(* (r,th,z,pR,pS) solves the system on the nonempty open interval (a,b),
   with r > 0 (cylindrical coordinates away from the z-axis, where the
   equations are defined).  (D)^(3/2) is written (sqrt D)^3. *)
Definition is_solution (k : R) (a b : Rbar) (r th z pR pS : R -> R) : Prop :=
  Rbar_lt a b /\
  forall t, in_tint a b t ->
    0 < r t /\
    is_derive r t (pR t) /\
    is_derive th t (pS t / r t ^ 2) /\
    is_derive z t (pS t / 2) /\
    is_derive pR t (pS t ^ 2 / r t ^ 3
                    - 2 * k * r t ^ 3 / (sqrt (Dn (r t) (z t))) ^ 3) /\
    is_derive pS t (- (8 * k * r t ^ 2 * z t) / (sqrt (Dn (r t) (z t))) ^ 3).

Definition maximal_solution (k : R) (a b : Rbar) (r th z pR pS : R -> R) : Prop :=
  is_solution k a b r th z pR pS /\
  forall (a' b' : Rbar) (r' th' z' pR' pS' : R -> R),
    is_solution k a' b' r' th' z' pR' pS' ->
    Rbar_le a' a -> Rbar_le b b' ->
    (forall t, in_tint a b t ->
       r' t = r t /\ th' t = th t /\ z' t = z t /\ pR' t = pR t /\ pS' t = pS t) ->
    a' = a /\ b' = b.

(* the trajectory passes through the origin (r,z) = (0,0): it reaches it at a
   finite endpoint of its time interval *)
Definition passes_origin (a b : Rbar) (r z : R -> R) : Prop :=
  (exists a0, a = Finite a0 /\
     filterlim r (at_right a0) (locally 0) /\ filterlim z (at_right a0) (locally 0)) \/
  (exists b0, b = Finite b0 /\
     filterlim r (at_left b0) (locally 0) /\ filterlim z (at_left b0) (locally 0)).

Definition radial_line (k : R) (a b : Rbar) (r th z pR pS : R -> R) : Prop :=
  exists th0 E, forall t, in_tint a b t ->
    z t = 0 /\ th t = th0 /\ Hen k (r t) (z t) (pR t) (pS t) = E /\
    (Derive r t) ^ 2 / 2 = E + k / r t ^ 2.

From Stdlib Require Import Reals Lra Psatz.
From Coquelicot Require Import Coquelicot.
Open Scope R_scope.

(* H and F3 are first integrals.  F3 is a sum of nonnegative terms vanishing only
   when z = p_S = 0, and near the origin it is at most a constant (depending on H)
   times max(|r|, |z|); so a trajectory reaching the origin has F3 = 0, hence
   z = p_S = 0 and constant theta: it is a radial line.  Conversely, when F3 = 0
   the motion is radial and r^2 is a quadratic Q in t with Q' = 2 r p_R and
   Q'' = 4 H, whose discriminant is 8 k > 0.  The explicit solution r = sqrt Q
   lives on the component of {Q > 0} around the initial time, which has a finite
   end where Q vanishes; maximality forces the time interval to be this
   component, so r -> 0 at that end. *)

Lemma in_tint_between (a b : Rbar) (t1 t2 t : R) :
  in_tint a b t1 -> in_tint a b t2 -> t1 <= t <= t2 -> in_tint a b t.
Proof.
intros [Ha1 _] [_ Hb2] [H1 H2]; split.
- apply (Rbar_lt_le_trans a t1 t); auto.
- apply (Rbar_le_lt_trans t t2 b); auto.
Qed.

Lemma in_tint_inhabited a b : Rbar_lt a b -> exists t, in_tint a b t.
Proof.
unfold in_tint.
destruct a as [a| |], b as [b| |]; simpl; intros H; try contradiction.
- exists ((a + b) / 2); simpl; lra.
- exists (a + 1); simpl; lra.
- exists (b - 1); simpl; lra.
- exists 0; simpl; auto.
Qed.

Lemma at_right_in_tint (a0 : R) (b : Rbar) :
  Rbar_lt a0 b -> at_right a0 (in_tint a0 b).
Proof.
intros H. destruct b as [b| |]; simpl in H; try contradiction.
- assert (Hba : 0 < b - a0) by lra.
  exists (mkposreal _ Hba); intros t Ht Hat; split; simpl; auto.
  apply Rabs_lt_between in Ht; simpl in Ht; unfold minus, plus, opp in Ht; simpl in Ht; lra.
- exists (mkposreal 1 Rlt_0_1); intros t _ Hat; split; simpl; auto.
Qed.

Lemma at_left_in_tint (a : Rbar) (b0 : R) :
  Rbar_lt a b0 -> at_left b0 (in_tint a b0).
Proof.
intros H. destruct a as [a| |]; simpl in H; try contradiction.
- assert (Hba : 0 < b0 - a) by lra.
  exists (mkposreal _ Hba); intros t Ht Htb; split; simpl; auto.
  apply Rabs_lt_between in Ht; simpl in Ht; unfold minus, plus, opp in Ht; simpl in Ht; lra.
- exists (mkposreal 1 Rlt_0_1); intros t _ Htb; split; simpl; auto.
Qed.

Lemma lower_endpoint_le (a b al : Rbar) (t0 : R) :
  in_tint a b t0 -> Rbar_lt al t0 -> (forall x, al = Finite x -> ~ in_tint a b x) ->
  Rbar_le al a.
Proof.
intros [_ Hb] Hal Hnot; destruct al as [x| |]; [| contradiction | destruct a; simpl; auto].
destruct (Rbar_le_lt_dec x a) as [|Hxa]; auto.
exfalso; apply (Hnot x eq_refl); split; auto.
apply (Rbar_lt_trans x t0 b); auto.
Qed.

Lemma upper_endpoint_ge (a b be : Rbar) (t0 : R) :
  in_tint a b t0 -> Rbar_lt t0 be -> (forall x, be = Finite x -> ~ in_tint a b x) ->
  Rbar_le b be.
Proof.
intros [Ha _] Hbe Hnot; destruct be as [x| |]; [| destruct b; simpl; auto | contradiction].
destruct (Rbar_le_lt_dec b x) as [|Hxb]; auto.
exfalso; apply (Hnot x eq_refl); split; auto.
apply (Rbar_lt_trans a t0 x); auto.
Qed.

****************

What is needed:
Going back to the entries above, set down exactly the lines that begin at the one with "is_derive th t (pS t / r t ^ 2) /\" and end at the one with "forall (a' b'", both included, and nothing else.

Result for this task:
    is_derive th t (pS t / r t ^ 2) /\
    is_derive z t (pS t / 2) /\
    is_derive pR t (pS t ^ 2 / r t ^ 3
                    - 2 * k * r t ^ 3 / (sqrt (Dn (r t) (z t))) ^ 3) /\
    is_derive pS t (- (8 * k * r t ^ 2 * z t) / (sqrt (Dn (r t) (z t))) ^ 3).

Definition maximal_solution (k : R) (a b : Rbar) (r th z pR pS : R -> R) : Prop :=
  is_solution k a b r th z pR pS /\
  forall (a' b' : Rbar) (r' th' z' pR' pS' : R -> R),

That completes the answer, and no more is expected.